» **Extracted entries**:
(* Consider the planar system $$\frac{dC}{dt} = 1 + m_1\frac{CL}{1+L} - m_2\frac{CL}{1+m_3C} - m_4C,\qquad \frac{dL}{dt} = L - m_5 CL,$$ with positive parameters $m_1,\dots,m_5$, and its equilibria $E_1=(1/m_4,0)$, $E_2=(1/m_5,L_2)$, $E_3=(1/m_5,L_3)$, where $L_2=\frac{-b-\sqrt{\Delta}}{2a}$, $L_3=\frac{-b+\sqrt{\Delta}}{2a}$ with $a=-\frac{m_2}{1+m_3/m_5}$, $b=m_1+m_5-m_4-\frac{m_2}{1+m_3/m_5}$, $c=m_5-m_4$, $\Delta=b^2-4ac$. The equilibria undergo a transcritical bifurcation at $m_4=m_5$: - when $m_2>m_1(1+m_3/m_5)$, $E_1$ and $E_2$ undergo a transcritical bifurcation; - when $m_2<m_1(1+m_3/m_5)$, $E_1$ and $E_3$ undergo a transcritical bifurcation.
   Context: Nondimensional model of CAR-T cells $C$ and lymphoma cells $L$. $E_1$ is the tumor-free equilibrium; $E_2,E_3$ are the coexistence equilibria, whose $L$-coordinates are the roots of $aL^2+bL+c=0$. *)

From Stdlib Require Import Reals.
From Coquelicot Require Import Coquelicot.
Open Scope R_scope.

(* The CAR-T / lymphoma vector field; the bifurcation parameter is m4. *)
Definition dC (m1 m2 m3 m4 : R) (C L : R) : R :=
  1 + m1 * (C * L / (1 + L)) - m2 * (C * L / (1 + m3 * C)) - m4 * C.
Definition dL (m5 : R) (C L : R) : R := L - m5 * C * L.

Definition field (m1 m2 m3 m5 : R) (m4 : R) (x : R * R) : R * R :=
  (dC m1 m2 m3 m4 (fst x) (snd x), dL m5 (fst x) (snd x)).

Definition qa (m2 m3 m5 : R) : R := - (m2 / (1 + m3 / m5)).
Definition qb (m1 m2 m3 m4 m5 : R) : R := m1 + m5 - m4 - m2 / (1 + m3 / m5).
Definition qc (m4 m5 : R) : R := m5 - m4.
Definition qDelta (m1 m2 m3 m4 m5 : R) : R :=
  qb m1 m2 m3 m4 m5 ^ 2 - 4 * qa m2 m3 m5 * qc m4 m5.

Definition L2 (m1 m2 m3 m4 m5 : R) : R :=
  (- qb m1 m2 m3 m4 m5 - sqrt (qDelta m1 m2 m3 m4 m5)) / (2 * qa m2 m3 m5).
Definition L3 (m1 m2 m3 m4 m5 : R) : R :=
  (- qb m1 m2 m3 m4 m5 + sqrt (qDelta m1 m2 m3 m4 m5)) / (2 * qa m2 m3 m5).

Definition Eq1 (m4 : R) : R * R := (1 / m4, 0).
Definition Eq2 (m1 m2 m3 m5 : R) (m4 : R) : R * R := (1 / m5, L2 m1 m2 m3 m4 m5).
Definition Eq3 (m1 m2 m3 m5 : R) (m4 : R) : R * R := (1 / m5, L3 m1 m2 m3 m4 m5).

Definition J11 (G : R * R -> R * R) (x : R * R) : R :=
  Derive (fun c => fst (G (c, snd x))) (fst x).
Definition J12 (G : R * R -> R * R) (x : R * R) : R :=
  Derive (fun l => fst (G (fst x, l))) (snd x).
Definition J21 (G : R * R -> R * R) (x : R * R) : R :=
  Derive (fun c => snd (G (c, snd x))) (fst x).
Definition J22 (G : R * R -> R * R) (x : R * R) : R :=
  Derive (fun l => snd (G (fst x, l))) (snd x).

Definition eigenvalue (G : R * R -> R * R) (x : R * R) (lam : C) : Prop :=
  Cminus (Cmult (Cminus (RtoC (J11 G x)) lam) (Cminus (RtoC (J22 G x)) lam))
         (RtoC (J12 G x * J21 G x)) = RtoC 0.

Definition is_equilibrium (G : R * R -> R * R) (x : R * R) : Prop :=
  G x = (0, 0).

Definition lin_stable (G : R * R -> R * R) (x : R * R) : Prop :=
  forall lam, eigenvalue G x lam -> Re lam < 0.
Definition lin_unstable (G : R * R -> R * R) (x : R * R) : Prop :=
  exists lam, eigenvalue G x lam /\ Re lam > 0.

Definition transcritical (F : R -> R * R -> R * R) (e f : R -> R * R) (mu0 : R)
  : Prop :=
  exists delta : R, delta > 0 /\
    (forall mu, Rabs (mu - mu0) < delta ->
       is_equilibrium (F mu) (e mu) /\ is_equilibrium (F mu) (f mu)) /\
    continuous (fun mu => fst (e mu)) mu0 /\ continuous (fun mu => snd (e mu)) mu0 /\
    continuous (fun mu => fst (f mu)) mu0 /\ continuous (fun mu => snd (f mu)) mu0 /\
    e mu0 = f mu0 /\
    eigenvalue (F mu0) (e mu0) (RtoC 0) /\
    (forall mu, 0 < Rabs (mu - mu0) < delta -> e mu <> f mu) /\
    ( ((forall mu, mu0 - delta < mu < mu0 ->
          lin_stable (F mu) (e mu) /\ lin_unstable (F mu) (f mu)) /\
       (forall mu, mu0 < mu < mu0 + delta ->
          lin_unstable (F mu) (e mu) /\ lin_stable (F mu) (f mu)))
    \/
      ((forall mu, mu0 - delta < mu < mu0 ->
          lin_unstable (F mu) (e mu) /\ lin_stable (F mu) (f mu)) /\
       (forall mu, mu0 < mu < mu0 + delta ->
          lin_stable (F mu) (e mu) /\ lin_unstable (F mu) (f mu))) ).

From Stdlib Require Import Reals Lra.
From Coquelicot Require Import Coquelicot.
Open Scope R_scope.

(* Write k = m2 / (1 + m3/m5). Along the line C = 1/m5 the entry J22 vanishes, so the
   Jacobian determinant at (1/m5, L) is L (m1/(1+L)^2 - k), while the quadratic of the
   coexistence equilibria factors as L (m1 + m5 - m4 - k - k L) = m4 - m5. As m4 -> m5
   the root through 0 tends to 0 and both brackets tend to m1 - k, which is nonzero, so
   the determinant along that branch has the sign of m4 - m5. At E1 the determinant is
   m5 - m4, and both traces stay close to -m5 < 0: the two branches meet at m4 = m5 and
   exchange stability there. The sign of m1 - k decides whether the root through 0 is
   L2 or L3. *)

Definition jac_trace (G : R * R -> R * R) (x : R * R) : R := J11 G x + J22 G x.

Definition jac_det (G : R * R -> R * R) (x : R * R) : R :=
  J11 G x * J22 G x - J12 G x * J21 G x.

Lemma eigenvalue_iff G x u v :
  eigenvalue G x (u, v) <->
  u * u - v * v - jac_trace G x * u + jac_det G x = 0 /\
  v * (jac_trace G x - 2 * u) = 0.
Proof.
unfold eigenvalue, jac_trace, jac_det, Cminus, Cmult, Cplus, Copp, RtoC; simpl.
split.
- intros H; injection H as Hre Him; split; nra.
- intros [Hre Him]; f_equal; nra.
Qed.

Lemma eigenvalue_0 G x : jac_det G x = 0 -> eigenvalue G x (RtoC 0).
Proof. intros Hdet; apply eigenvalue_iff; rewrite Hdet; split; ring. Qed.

» **Your assignment**: What is needed is each line of the data, printed exactly.

» **Solution for this problem**:
(* Consider the planar system $$\frac{dC}{dt} = 1 + m_1\frac{CL}{1+L} - m_2\frac{CL}{1+m_3C} - m_4C,\qquad \frac{dL}{dt} = L - m_5 CL,$$ with positive parameters $m_1,\dots,m_5$, and its equilibria $E_1=(1/m_4,0)$, $E_2=(1/m_5,L_2)$, $E_3=(1/m_5,L_3)$, where $L_2=\frac{-b-\sqrt{\Delta}}{2a}$, $L_3=\frac{-b+\sqrt{\Delta}}{2a}$ with $a=-\frac{m_2}{1+m_3/m_5}$, $b=m_1+m_5-m_4-\frac{m_2}{1+m_3/m_5}$, $c=m_5-m_4$, $\Delta=b^2-4ac$. The equilibria undergo a transcritical bifurcation at $m_4=m_5$: - when $m_2>m_1(1+m_3/m_5)$, $E_1$ and $E_2$ undergo a transcritical bifurcation; - when $m_2<m_1(1+m_3/m_5)$, $E_1$ and $E_3$ undergo a transcritical bifurcation.
   Context: Nondimensional model of CAR-T cells $C$ and lymphoma cells $L$. $E_1$ is the tumor-free equilibrium; $E_2,E_3$ are the coexistence equilibria, whose $L$-coordinates are the roots of $aL^2+bL+c=0$. *)

From Stdlib Require Import Reals.
From Coquelicot Require Import Coquelicot.
Open Scope R_scope.

(* The CAR-T / lymphoma vector field; the bifurcation parameter is m4. *)
Definition dC (m1 m2 m3 m4 : R) (C L : R) : R :=
  1 + m1 * (C * L / (1 + L)) - m2 * (C * L / (1 + m3 * C)) - m4 * C.
Definition dL (m5 : R) (C L : R) : R := L - m5 * C * L.

Definition field (m1 m2 m3 m5 : R) (m4 : R) (x : R * R) : R * R :=
  (dC m1 m2 m3 m4 (fst x) (snd x), dL m5 (fst x) (snd x)).

Definition qa (m2 m3 m5 : R) : R := - (m2 / (1 + m3 / m5)).
Definition qb (m1 m2 m3 m4 m5 : R) : R := m1 + m5 - m4 - m2 / (1 + m3 / m5).
Definition qc (m4 m5 : R) : R := m5 - m4.
Definition qDelta (m1 m2 m3 m4 m5 : R) : R :=
  qb m1 m2 m3 m4 m5 ^ 2 - 4 * qa m2 m3 m5 * qc m4 m5.

Definition L2 (m1 m2 m3 m4 m5 : R) : R :=
  (- qb m1 m2 m3 m4 m5 - sqrt (qDelta m1 m2 m3 m4 m5)) / (2 * qa m2 m3 m5).
Definition L3 (m1 m2 m3 m4 m5 : R) : R :=
  (- qb m1 m2 m3 m4 m5 + sqrt (qDelta m1 m2 m3 m4 m5)) / (2 * qa m2 m3 m5).

Definition Eq1 (m4 : R) : R * R := (1 / m4, 0).
Definition Eq2 (m1 m2 m3 m5 : R) (m4 : R) : R * R := (1 / m5, L2 m1 m2 m3 m4 m5).
Definition Eq3 (m1 m2 m3 m5 : R) (m4 : R) : R * R := (1 / m5, L3 m1 m2 m3 m4 m5).

Definition J11 (G : R * R -> R * R) (x : R * R) : R :=
  Derive (fun c => fst (G (c, snd x))) (fst x).
Definition J12 (G : R * R -> R * R) (x : R * R) : R :=
  Derive (fun l => fst (G (fst x, l))) (snd x).
Definition J21 (G : R * R -> R * R) (x : R * R) : R :=
  Derive (fun c => snd (G (c, snd x))) (fst x).
Definition J22 (G : R * R -> R * R) (x : R * R) : R :=
  Derive (fun l => snd (G (fst x, l))) (snd x).

Definition eigenvalue (G : R * R -> R * R) (x : R * R) (lam : C) : Prop :=
  Cminus (Cmult (Cminus (RtoC (J11 G x)) lam) (Cminus (RtoC (J22 G x)) lam))
         (RtoC (J12 G x * J21 G x)) = RtoC 0.

Definition is_equilibrium (G : R * R -> R * R) (x : R * R) : Prop :=
  G x = (0, 0).

Definition lin_stable (G : R * R -> R * R) (x : R * R) : Prop :=
  forall lam, eigenvalue G x lam -> Re lam < 0.
Definition lin_unstable (G : R * R -> R * R) (x : R * R) : Prop :=
  exists lam, eigenvalue G x lam /\ Re lam > 0.

Definition transcritical (F : R -> R * R -> R * R) (e f : R -> R * R) (mu0 : R)
  : Prop :=
  exists delta : R, delta > 0 /\
    (forall mu, Rabs (mu - mu0) < delta ->
       is_equilibrium (F mu) (e mu) /\ is_equilibrium (F mu) (f mu)) /\
    continuous (fun mu => fst (e mu)) mu0 /\ continuous (fun mu => snd (e mu)) mu0 /\
    continuous (fun mu => fst (f mu)) mu0 /\ continuous (fun mu => snd (f mu)) mu0 /\
    e mu0 = f mu0 /\
    eigenvalue (F mu0) (e mu0) (RtoC 0) /\
    (forall mu, 0 < Rabs (mu - mu0) < delta -> e mu <> f mu) /\
    ( ((forall mu, mu0 - delta < mu < mu0 ->
          lin_stable (F mu) (e mu) /\ lin_unstable (F mu) (f mu)) /\
       (forall mu, mu0 < mu < mu0 + delta ->
          lin_unstable (F mu) (e mu) /\ lin_stable (F mu) (f mu)))
    \/
      ((forall mu, mu0 - delta < mu < mu0 ->
          lin_unstable (F mu) (e mu) /\ lin_stable (F mu) (f mu)) /\
       (forall mu, mu0 < mu < mu0 + delta ->
          lin_stable (F mu) (e mu) /\ lin_unstable (F mu) (f mu))) ).

From Stdlib Require Import Reals Lra.
From Coquelicot Require Import Coquelicot.
Open Scope R_scope.

(* Write k = m2 / (1 + m3/m5). Along the line C = 1/m5 the entry J22 vanishes, so the
   Jacobian determinant at (1/m5, L) is L (m1/(1+L)^2 - k), while the quadratic of the
   coexistence equilibria factors as L (m1 + m5 - m4 - k - k L) = m4 - m5. As m4 -> m5
   the root through 0 tends to 0 and both brackets tend to m1 - k, which is nonzero, so
   the determinant along that branch has the sign of m4 - m5. At E1 the determinant is
   m5 - m4, and both traces stay close to -m5 < 0: the two branches meet at m4 = m5 and
   exchange stability there. The sign of m1 - k decides whether the root through 0 is
   L2 or L3. *)

Definition jac_trace (G : R * R -> R * R) (x : R * R) : R := J11 G x + J22 G x.

Definition jac_det (G : R * R -> R * R) (x : R * R) : R :=
  J11 G x * J22 G x - J12 G x * J21 G x.

Lemma eigenvalue_iff G x u v :
  eigenvalue G x (u, v) <->
  u * u - v * v - jac_trace G x * u + jac_det G x = 0 /\
  v * (jac_trace G x - 2 * u) = 0.
Proof.
unfold eigenvalue, jac_trace, jac_det, Cminus, Cmult, Cplus, Copp, RtoC; simpl.
split.
- intros H; injection H as Hre Him; split; nra.
- intros [Hre Him]; f_equal; nra.
Qed.

Lemma eigenvalue_0 G x : jac_det G x = 0 -> eigenvalue G x (RtoC 0).
Proof. intros Hdet; apply eigenvalue_iff; rewrite Hdet; split; ring. Qed.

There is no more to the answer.